Six Months Ended May 31
Exhibit 4.19
FIRST AMENDMENT TO
RIGHTS AGREEMENT
This First Amendment to Rights Agreement dated as of April 29, 2005 (this Amendment), between KB Home (f/k/a Kaufman and Broad Home Corporation), a Delaware corporation (the Company), and Mellon Investor Services LLC (f/k/a ChaseMellon Shareholder Services, L.L.C.), a limited liability company registered in the State of New Jersey, Rights Agent (the Rights Agent).
W I T N E S S E T H
WHEREAS, the Company and the Rights Agent entered into the Rights Agreement dated as of February 4, 1999 (the Rights Agreement); and
WHEREAS, pursuant to Section 27 of the Rights Agreement, the Company desires to amend the Rights Agreement to increase the Purchase Price thereunder from $135 to $270;
NOW, THEREFORE, in consideration of the premises and mutual agreements herein set forth, the parties hereby agree as follows:
1. Paragraph (b) of Section 7 of the Rights Agreement is hereby deleted in its entirety and replaced with the following new paragraph (b):
(b) The Purchase Price for each one one-hundredth of a share of Preferred Stock pursuant to the exercise of a Right shall initially be $270. The Purchase Price and the number of shares of Preferred Stock (or other securities or property, as the case may be) to be acquired upon exercise of a Right shall be subject to adjustment from time to time as provided herein and shall be payable in lawful money of the United States of America in accordance with paragraph (c) below.
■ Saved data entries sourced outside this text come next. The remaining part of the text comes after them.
(* Let $a_1,a_2,a_3,a_4$ be nonzero integers. There is a constant $C$ (depending at most on $a_1,\dots,a_4$) such that for every $n$ and every Sidon set $X\subseteq\{1,\dots,n\}$, the number of $4$-tuples $(x_1,x_2,x_3,x_4)\in X^4$ with $a_1x_1+a_2x_2+a_3x_3+a_4x_4=0$ is at most $Cn$.
   Context: A set $X$ of integers is a Sidon set if it has no nontrivial solution to $x_1+x_2=x_3+x_4$ with $x_i\in X$, where a solution is trivial if $(x_1,x_2)=(x_3,x_4)$ or $(x_1,x_2)=(x_4,x_3)$. *)

From mathcomp Require Import all_boot all_order all_algebra.
Set Implicit Arguments. Unset Strict Implicit. Unset Printing Implicit Defensive.
Import Order.TTheory GRing.Theory Num.Theory.

(* A finite set of positive integers is represented by a duplicate-free
   sequence of naturals. *)
Definition sidon (X : seq nat) : Prop :=
  forall x1 x2 x3 x4, x1 \in X -> x2 \in X -> x3 \in X -> x4 \in X ->
    (x1 + x2 = x3 + x4)%N ->
    (x1 = x3 /\ x2 = x4) \/ (x1 = x4 /\ x2 = x3).

Definition nsol (a1 a2 a3 a4 : int) (X : seq nat) : nat :=
  size [seq t <- (flatten [seq flatten [seq [seq ((x1, x2), (x3, x4)) | x3 <- X, x4 <- X] | x2 <- X] | x1 <- X])
       | let: ((x1, x2), (x3, x4)) := t in
         (a1 * x1%:Z + a2 * x2%:Z + a3 * x3%:Z + a4 * x4%:Z == 0)%R].

From mathcomp Require Import all_boot all_order all_algebra.
From mathcomp Require Import zify.
Import Order.TTheory GRing.Theory Num.Theory.

Set Implicit Arguments.
Unset Strict Implicit.
Unset Printing Implicit Defensive.

(* Over X^2, let A and B be the multisets of values of a1 x1 + a2 x2 and of
   -(a3 x3 + a4 x4).  The solutions are the coincidences between A and B, so
   AM-GM on every fibre (Cauchy-Schwarz) bounds twice their number by the
   self-coincidences of A plus those of B.  For a Sidon set, a self-coincidence
   a x1 + b x2 = a y1 + b y2 with x1 <> y1 fixes the nonzero difference
   y2 - x2 = a (x1 - y1) / b, which has at most one representation, so each
   multiset has at most 2|X|^2 self-coincidences.  Distinct nonzero differences
   also give |X|^2 <= |X| + 2n, hence at most 2|X|^2 <= 6n solutions. *)

Section Collisions.
Variable T : eqType.
Implicit Types (s A B V : seq T).

Lemma count_le1 s (P : pred T) :
  uniq s -> {in s &, forall x y, P x -> P y -> x = y} -> count P s <= 1.
Proof.
move=> s_uniq P_uniq; rewrite -size_filter.
case E: (filter P s) => [|x r] //; rewrite -E.
have: x \in filter P s by rewrite E mem_head.
rewrite mem_filter => /andP[Px xs].
apply: (@uniq_leq_size _ _ [:: x]); first exact: filter_uniq.
move=> y; rewrite mem_filter inE => /andP[Py ys].
by apply/eqP; apply: P_uniq.
Qed.

Lemma sum_count_mem V s (F : T -> nat) :
  uniq V -> {subset s <= V} ->
  \sum_(x <- s) F x = \sum_(v <- V) count_mem v s * F v.
Proof.
move=> V_uniq; elim: s => [|x s IHs] sV; first by rewrite big_nil big1.
rewrite big_cons IHs => [|y ys]; last by apply: sV; rewrite inE ys orbT.
under [RHS]eq_bigr => v _ do rewrite /= mulnDl.
rewrite big_split /= [X in _ = X + _](bigD1_seq x) ?sV ?mem_head //= eqxx mul1n.
by rewrite [X in _ = _ + X + _]big1 ?addn0 // => v; rewrite eq_sym => /negbTE ->.
Qed.

Definition collisions A B := \sum_(v <- A) count_mem v B.

Lemma twice_collisions_le A B :
  2 * collisions A B <= collisions A A + collisions B B.
Proof.
have V_uniq := undup_uniq (A ++ B).
have AV : {subset A <= undup (A ++ B)} by move=> v vA; rewrite mem_undup mem_cat vA.
have BV : {subset B <= undup (A ++ B)} by move=> v vB; rewrite mem_undup mem_cat vB orbT.
rewrite /collisions (sum_count_mem _ V_uniq AV) (sum_count_mem _ V_uniq AV).
rewrite (sum_count_mem _ V_uniq BV) big_distrr -big_split /=.
apply: leq_sum => v _.
by have [+ _] := nat_Cauchy (count_mem v A) (count_mem v B); rewrite !mulnn.
Qed.

End Collisions.

Definition pairs (T : Type) (X : seq T) := [seq (x, y) | x <- X, y <- X].

Lemma count_pairs (T : Type) (X : seq T) (P : pred (T * T)) :
  count P (pairs X) = \sum_(x <- X) count (fun y => P (x, y)) X.
Proof.
by rewrite count_flatten sumnE !big_map; apply: eq_bigr => x _; rewrite count_map.
Qed.

Lemma pairs_uniq (T : eqType) (X : seq T) : uniq X -> uniq (pairs X).
Proof. by move=> X_uniq; apply: allpairs_uniq => // -[? ?] [? ?]. Qed.

Lemma mem_pairs (T : eqType) (X : seq T) x y :
  ((x, y) \in pairs X) = (x \in X) && (y \in X).
Proof. by apply/allpairsP/andP => [[[? ?] [? ? [-> ->]]] | [? ?]] //; exists (x, y). Qed.

Lemma size_pairs (T : Type) (X : seq T) : size (pairs X) = size X ^ 2.
Proof. by rewrite size_allpairs mulnn. Qed.

Lemma sidon_diff_inj X x y x' y' :
  sidon X -> x \in X -> y \in X -> x' \in X -> y' \in X ->
  x != y -> x + y' = x' + y -> x = x' /\ y = y'.
Proof.
move=> sX xX yX x'X y'X /eqP x_neq_y e.
by case: (sX _ _ _ _ xX y'X x'X yX e) => [[-> ->] | [/x_neq_y]].
Qed.

Definition lin2 (a b : int) (p : nat * nat) : int := (a * p.1%:Z + b * p.2%:Z)%R.

Lemma nsolE a1 a2 a3 a4 X :
  nsol a1 a2 a3 a4 X =
  collisions [seq lin2 a1 a2 p | p <- pairs X] [seq lin2 (- a3) (- a4) q | q <- pairs X].
Proof.
rewrite /nsol size_filter /collisions big_map big_allpairs.
rewrite count_flatten sumnE !big_map /=.
apply: eq_bigr => x1 _; rewrite count_flatten sumnE !big_map; apply: eq_bigr => x2 _.
rewrite count_map count_pairs count_flatten sumnE !big_map; apply: eq_bigr => x3 _.
rewrite count_map; apply: eq_count => x4 /=.
by rewrite /lin2 /=; apply/eqP/eqP; lia.
Qed.

Section SidonCounting.
Variables (n : nat) (X : seq nat).
Hypothesis X_uniq : uniq X.
Hypothesis X_range : forall x, x \in X -> 1 <= x <= n.
Hypothesis X_sidon : sidon X.

Lemma size_sidon_le : size X <= n.
Proof.
rewrite -(size_iota 1 n); apply: uniq_leq_size => // x /X_range.
by rewrite mem_iota; lia.
Qed.

Lemma count_diag_pairs : count (fun p => p.1 == p.2) (pairs X) <= size X.
Proof.
rewrite count_pairs -sum1_size; apply: leq_sum => x _.
by apply: count_le1 => // y z _ _ /= /eqP <- /eqP <-.
Qed.

(* On [1, n] the shifted difference [x + n - y] is never truncated. *)
Lemma count_offdiag_pairs : count (fun p => p.1 != p.2) (pairs X) <= 2 * n.
Proof.
pose diff p := p.1 + n - p.2.
rewrite -size_filter -(size_map diff) -(size_iota 0 (2 * n)).
apply: uniq_leq_size.
  rewrite map_inj_in_uniq ?filter_uniq ?pairs_uniq //.
  move=> [x y] [x' y']; rewrite !mem_filter !mem_pairs /diff /=.
  move=> /and3P[x_neq_y xX yX] /and3P[_ x'X y'X] e.
  have sum_eq : x + y' = x' + y by move: (X_range yX) (X_range y'X); lia.
  by have [-> ->] := sidon_diff_inj X_sidon xX yX x'X y'X x_neq_y sum_eq.
move=> _ /mapP[[x y] + ->]; rewrite mem_filter mem_pairs mem_iota /diff /=.
move=> /and3P[_ xX yX].
by move: (X_range xX) (X_range yX); lia.
Qed.

Lemma sidon_size_sq : size X ^ 2 <= size X + 2 * n.
Proof.
rewrite -size_pairs -(count_predC (fun p => p.1 == p.2)).
exact: leq_add count_diag_pairs count_offdiag_pairs.
Qed.

Lemma count_collisions_diag (a b : int) x1 x2 :
  b != 0%R -> count (fun y2 => lin2 a b (x1, y2) == lin2 a b (x1, x2)) X <= 1.
Proof.
move=> b_neq0; apply: count_le1 => // y z _ _; rewrite /lin2 /=.
move=> /eqP/addrI ey /eqP/addrI ez.
by apply/eqP; rewrite -eqz_nat -(inj_eq (mulfI b_neq0)) ey ez.
Qed.

Lemma count_collisions_offdiag (a b : int) x1 y1 :
  a != 0%R -> b != 0%R -> x1 != y1 ->
  \sum_(x2 <- X) count (fun y2 => lin2 a b (y1, y2) == lin2 a b (x1, x2)) X <= 1.
Proof.
move=> a_neq0 b_neq0 x1_neq_y1.
rewrite -(count_pairs X (fun p => lin2 a b (y1, p.2) == lin2 a b (x1, p.1))).
apply: count_le1; first exact: pairs_uniq.
move=> [x2 y2] [x2' y2']; rewrite !mem_pairs /lin2 /=.
move=> /andP[x2X y2X] /andP[x2'X y2'X] /eqP e /eqP e'.
have shift_neq0 : (a * (x1%:Z - y1%:Z) != 0)%R.
  by rewrite mulf_eq0 negb_or a_neq0 subr_eq0 eqz_nat.
have d : (b * (y2%:Z - x2%:Z) = a * (x1%:Z - y1%:Z))%R by lia.
have d' : (b * (y2'%:Z - x2'%:Z) = a * (x1%:Z - y1%:Z))%R by lia.
have y2_neq_x2 : y2 != x2.
  by apply: contraNneq shift_neq0 => y2_eq_x2; rewrite -d y2_eq_x2 subrr mulr0.
have sub_eq := mulfI b_neq0 (etrans d (esym d')).
have sum_eq : y2 + x2' = y2' + x2 by lia.
by have [-> ->] := sidon_diff_inj X_sidon y2X x2X y2'X x2'X y2_neq_x2 sum_eq.
Qed.

Lemma sidon_self_collisions (a b : int) : a != 0%R -> b != 0%R ->
  collisions [seq lin2 a b p | p <- pairs X] [seq lin2 a b p | p <- pairs X]
  <= 2 * size X ^ 2.
Proof.
move=> a_neq0 b_neq0; set A := [seq lin2 a b p | p <- pairs X].
have -> : collisions A A = \sum_(x1 <- X) \sum_(y1 <- X) \sum_(x2 <- X)
    count (fun y2 => lin2 a b (y1, y2) == lin2 a b (x1, x2)) X.
  rewrite /collisions big_map big_allpairs; apply: eq_bigr => x1 _.
  by under eq_bigr => x2 _ do rewrite count_map count_pairs; rewrite exchange_big.
have row_bound x1 : x1 \in X -> \sum_(y1 <- X) \sum_(x2 <- X)
    count (fun y2 => lin2 a b (y1, y2) == lin2 a b (x1, x2)) X <= size X + size X.
  move=> x1X; rewrite (bigD1_seq x1) //=; apply: leq_add.
    rewrite -sum1_size; apply: leq_sum => x2 _; exact: count_collisions_diag.
  rewrite -[X in _ <= X]sum1_size [X in _ <= X](bigID (fun y1 => y1 != x1)) /=.
  apply: leq_trans (leq_addr _ _); apply: leq_sum => y1 y1_neq_x1.
  by apply: count_collisions_offdiag; rewrite // eq_sym.
rewrite big_seq; apply: (leq_trans (leq_sum _ row_bound)).
by rewrite -big_seq big_const_seq count_predT iter_addn_0 addnn -mul2n -mulnA mulnn.
Qed.

End SidonCounting.

Theorem lemma1p18 (a1 a2 a3 a4 : int) :
  a1 != 0%R -> a2 != 0%R -> a3 != 0%R -> a4 != 0%R ->
  exists C : nat, forall (n : nat) (X : seq nat),
    uniq X -> (forall x, x \in X -> (1 <= x <= n)%N) -> sidon X ->
    (nsol a1 a2 a3 a4 X <= C * n)%N.
Proof.
move=> a1_neq0 a2_neq0 a3_neq0 a4_neq0; exists 6 => n X X_uniq X_range X_sidon.
set A := [seq lin2 a1 a2 p | p <- pairs X].
set B := [seq lin2 (- a3) (- a4) q | q <- pairs X].
have A_bound : collisions A A <= 2 * size X ^ 2 by exact: sidon_self_collisions.
have B_bound : collisions B B <= 2 * size X ^ 2.
  by apply: sidon_self_collisions; rewrite ?oppr_eq0.
have := twice_collisions_le A B; rewrite -nsolE.
have := sidon_size_sq X_uniq X_range X_sidon.
have := size_sidon_le X_uniq X_range.
lia.
Qed.
(* Let $g\colon\mathbb X\to\mathbb Y$ be continuous and calm in direction $u\in\mathbb S_{\mathbb X}$ at $\bar x\in\mathbb X$, let $D\subset\mathbb Y$ be closed, let $\Phi(x):=g(x)-D$, and assume $(\bar x,0)\in\operatorname{gph}\Phi$. Let $\{e_1,\dots,e_m\}$ be an orthonormal basis of $\mathbb Y$. Suppose there do not exist a direction $v\in\mathbb Y$ and a nonzero $\lambda\in\mathcal N_D(g(\bar x);v)$ with $0\in D^*g(\bar x;(u,v))(\lambda)$ for which there are sequences $\{x_k\}\subset\mathbb X$ with $x_k\ne\bar x$, $\{z_k\}\subset D$, $\{\lambda_k\}\subset\mathbb Y$, $\{\eta_k\}\subset\mathbb X$ such that $x_k\to\bar x$, $z_k\to g(\bar x)$, $\lambda_k\to\lambda$, $\eta_k\to0$, $(x_k-\bar x)/\|x_k-\bar x\|\to u$, $(z_k-g(\bar x))/\|x_k-\bar x\|\to v$, $(g(x_k)-g(\bar x))/\|x_k-\bar x\|\to v$, and for all $k$ and $i\in\{1,\dots,m\}$: $\eta_k\in\widehat D^*g(x_k)(\lambda_k)$, $\lambda_k\in\widehat{\mathcal N}_D(z_k)$, and $\langle\lambda,e_i\rangle\langle g(x_k)-z_k,e_i\rangle>0$ whenever $\langle\lambda,e_i\rangle\ne0$. Then $\Phi$ is quasi-normal in direction $u$ at $(\bar x,0)$ w.r.t. $\{e_1,\dots,e_m\}$. Moreover, if $g$ is calm at every point of a neighbourhood of $\bar x$ (e.g. Lipschitz continuous near $\bar x$), the two conditions are equivalent.
   Context: $\widehat{\mathcal N}_D$ regular normal cone; $\mathcal N_D(y;v)$ directional limiting normal cone (limits of $\eta_k\in\widehat{\mathcal N}_D(y+t_kv_k)$, $v_k\to v$, $t_k\searrow0$). Regular coderivative $\widehat D^*g(x)(y^* )=\{x^*\mid(x^*,-y^* )\in\widehat{\mathcal N}_{\operatorname{gph}g}(x,g(x))\}$; directional limiting coderivative $D^*g(\bar x;(u,v))(y^* )=\{x^*\mid(x^*,-y^* )\in\mathcal N_{\operatorname{gph}g}((\bar x,g(\bar x));(u,v))\}$; analogously for $\Phi$. $g$ is calm in direction $u$ at $\bar x$ if there are $\varepsilon,\delta,L>0$ with $\|g(x')-g(\bar x)\|\le L\|x'-\bar x\|$ for all $x'\in\bar x+\mathbb B_{\varepsilon,\delta}(u)$, $\mathbb B_{\varepsilon,\delta}(u)=\{v\mid\|\|v\|u-\|u\|v\|\le\delta\|u\|\|v\|,\ \|v\|\le\varepsilon\}$; calm at $x$ means $\|g(x')-g(x)\|\le L\|x'-x\|$ for $x'$ near $x$. Quasi-normality in direction $u$ at $(\bar x,\bar y)$ w.r.t. $\{e_i\}$: there is no nonzero $\lambda$ with $0\in D^*\Phi((\bar x,\bar y);(u,0))(\lambda)$ for which there exist $\{(x_k,y_k)\}\subset\operatorname{gph}\Phi$ with $x_k\ne\bar x$, $\{\lambda_k\}$, $\{\eta_k\}$ with $x_k\to\bar x$, $y_k\to\bar y$, $\lambda_k\to\lambda$, $\eta_k\to0$, $(x_k-\bar x)/\|x_k-\bar x\|\to u$, $(y_k-\bar y)/\|x_k-\bar x\|\to0$, $\eta_k\in\widehat D^*\Phi(x_k,y_k)(\lambda_k)$, and $\langle\lambda,e_i\rangle\langle y_k-\bar y,e_i\rangle>0$ whenever $\langle\lambda,e_i\rangle\ne0$. *)

(* X = R^n, Y = R^m as row vectors 'rV[R]_n with the
   standard (Euclidean) inner product, over R : realType. *)
From HB Require Import structures.
From mathcomp Require Import all_boot all_order all_algebra.
From mathcomp Require Import reals.
Set Implicit Arguments. Unset Strict Implicit. Unset Printing Implicit Defensive.
Import Order.TTheory GRing.Theory Num.Theory.
Local Open Scope ring_scope.

Section Defs.
Variable R : realType.

Definition dotv {p} (x y : 'rV[R]_p) : R := \sum_(i < p) x 0 i * y 0 i.
Definition enorm {p} (x : 'rV[R]_p) : R := Num.sqrt (dotv x x).

Definition vcvg {p} (s : nat -> 'rV[R]_p) (l : 'rV[R]_p) : Prop :=
  forall eps : R, 0 < eps -> exists N : nat, forall k, (N <= k)%N -> enorm (s k - l) < eps.
Definition rcvg (s : nat -> R) (l : R) : Prop :=
  forall eps : R, 0 < eps -> exists N : nat, forall k, (N <= k)%N -> `|s k - l| < eps.

Definition vclosed {p} (D : 'rV[R]_p -> Prop) : Prop :=
  forall (s : nat -> 'rV[R]_p) l, (forall k, D (s k)) -> vcvg s l -> D l.
Definition vcontinuous {n m} (g : 'rV[R]_n -> 'rV[R]_m) : Prop :=
  forall x eps, 0 < eps -> exists2 delta, 0 < delta &
    forall x', enorm (x' - x) < delta -> enorm (g x' - g x) < eps.

(* regular (Frechet) normal cone: eta in N^_D(y) (empty if y notin D) *)
Definition rnormal {p} (D : 'rV[R]_p -> Prop) (y eta : 'rV[R]_p) : Prop :=
  D y /\ forall eps, 0 < eps -> exists2 delta, 0 < delta &
    forall y', D y' -> enorm (y' - y) < delta -> dotv eta (y' - y) <= eps * enorm (y' - y).

(* directional limiting normal cone: eta in N_D(y; v) *)
Definition dnormal {p} (D : 'rV[R]_p -> Prop) (y v eta : 'rV[R]_p) : Prop :=
  exists (t : nat -> R) (vs etas : nat -> 'rV[R]_p),
    (forall k, 0 < t k) /\ rcvg t 0 /\ vcvg vs v /\ vcvg etas eta /\
    forall k, rnormal D (y + t k *: vs k) (etas k).

(* set-valued maps Phi : R^n => R^m, encoded by Phi x y <-> y \in Phi(x);
   the graph lives in R^(n+m) = R^n x R^m, (x,y) ~ row_mx x y *)
Definition gph {n m} (Phi : 'rV[R]_n -> 'rV[R]_m -> Prop) : 'rV[R]_(n + m) -> Prop :=
  fun w => Phi (lsubmx w) (rsubmx w).

(* regular coderivative: xs in D^*Phi(x,y)(ys) *)
Definition rcoder {n m} (Phi : 'rV[R]_n -> 'rV[R]_m -> Prop) (x : 'rV[R]_n) (y : 'rV[R]_m)
  (ys : 'rV[R]_m) (xs : 'rV[R]_n) : Prop :=
  rnormal (gph Phi) (row_mx x y) (row_mx xs (- ys)).

(* directional limiting coderivative: xs in D^*Phi((x,y);(u,v))(ys) *)
Definition dcoder {n m} (Phi : 'rV[R]_n -> 'rV[R]_m -> Prop) (x : 'rV[R]_n) (y : 'rV[R]_m)
  (u : 'rV[R]_n) (v : 'rV[R]_m) (ys : 'rV[R]_m) (xs : 'rV[R]_n) : Prop :=
  dnormal (gph Phi) (row_mx x y) (row_mx u v) (row_mx xs (- ys)).

Definition fmap {n m} (g : 'rV[R]_n -> 'rV[R]_m) : 'rV[R]_n -> 'rV[R]_m -> Prop :=
  fun x y => y = g x.

Definition dirball {n} (eps delta : R) (u : 'rV[R]_n) (v : 'rV[R]_n) : Prop :=
  enorm (enorm v *: u - enorm u *: v) <= delta * enorm u * enorm v /\ enorm v <= eps.

Definition calm_dir {n m} (g : 'rV[R]_n -> 'rV[R]_m) (xb u : 'rV[R]_n) : Prop :=
  exists eps delta L, [/\ 0 < eps, 0 < delta, 0 < L &
    forall x', dirball eps delta u (x' - xb) -> enorm (g x' - g xb) <= L * enorm (x' - xb)].

Definition calm_at {n m} (g : 'rV[R]_n -> 'rV[R]_m) (x : 'rV[R]_n) : Prop :=
  exists L r, [/\ 0 < L, 0 < r &
    forall x', enorm (x' - x) < r -> enorm (g x' - g x) <= L * enorm (x' - x)].

Definition orthonormal_basis {m} (e : 'I_m -> 'rV[R]_m) : Prop :=
  forall i j, dotv (e i) (e j) = (i == j)%:R.

Definition quasi_normal_dir {n m} (Phi : 'rV[R]_n -> 'rV[R]_m -> Prop)
  (xb : 'rV[R]_n) (yb : 'rV[R]_m) (u : 'rV[R]_n) (e : 'I_m -> 'rV[R]_m) : Prop :=
  ~ exists lam : 'rV[R]_m, lam <> 0 /\ dcoder Phi xb yb u 0 lam 0 /\
    exists (xs : nat -> 'rV[R]_n) (ys : nat -> 'rV[R]_m)
           (lams : nat -> 'rV[R]_m) (etas : nat -> 'rV[R]_n),
      (forall k, Phi (xs k) (ys k)) /\ (forall k, xs k <> xb) /\
      vcvg xs xb /\ vcvg ys yb /\ vcvg lams lam /\ vcvg etas 0 /\
      vcvg (fun k => (enorm (xs k - xb))^-1 *: (xs k - xb)) u /\
      vcvg (fun k => (enorm (xs k - xb))^-1 *: (ys k - yb)) 0 /\
      (forall k, rcoder Phi (xs k) (ys k) (lams k) (etas k)) /\
      (forall k i, dotv lam (e i) != 0 -> 0 < dotv lam (e i) * dotv (ys k - yb) (e i)).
2. The first paragraph of text in the Form of Rights Certificate for Common Stock attached as Exhibit B to the Rights Agreement is hereby deleted in its entirely and replaced with the following new paragraph:
This certifies that ___, or registered assigns, is the registered owner of the number of Rights set forth above, each of which entitles the owner thereof, subject to the terms, provisions and conditions of the Rights Agreement dated as of February 4, 1999 (the Rights Agreement) between KB Home (f/k/a Kaufman and Broad Home Corporation), a Delaware corporation (the Company), and Mellon Investor Services LLC (f/k/a ChaseMellon Shareholder Services, L.L.C.), a limited liability company registered under the laws of the State of New Jersey (the Rights Agent), to purchase from the Company at any time after the Distribution Date (as such term is defined in the Rights Agreement) and prior to 5:00 P.M. (California time) on March 5, 2009 at the office or offices of the Rights Agent designated for such purpose, or its successors as Rights Agent, one one-hundredth of a fully paid, nonassessable share of Series A Participating Cumulative Preferred Stock (the Preferred Stock) of the Company, at a cash purchase price of $270 per one one-hundredth of a share (the Purchase Price), upon presentation and surrender of this Right Certificate with the Form of Election to Purchase and the related Certificate duly executed. The number of Rights evidenced by this Right Certificate (and the number of shares which may be purchased upon exercise thereof) set forth above, and the Purchase Price per share set forth above, are the number and Purchase Price as of March 5, 1999 based on the Preferred Stock as constituted at such date.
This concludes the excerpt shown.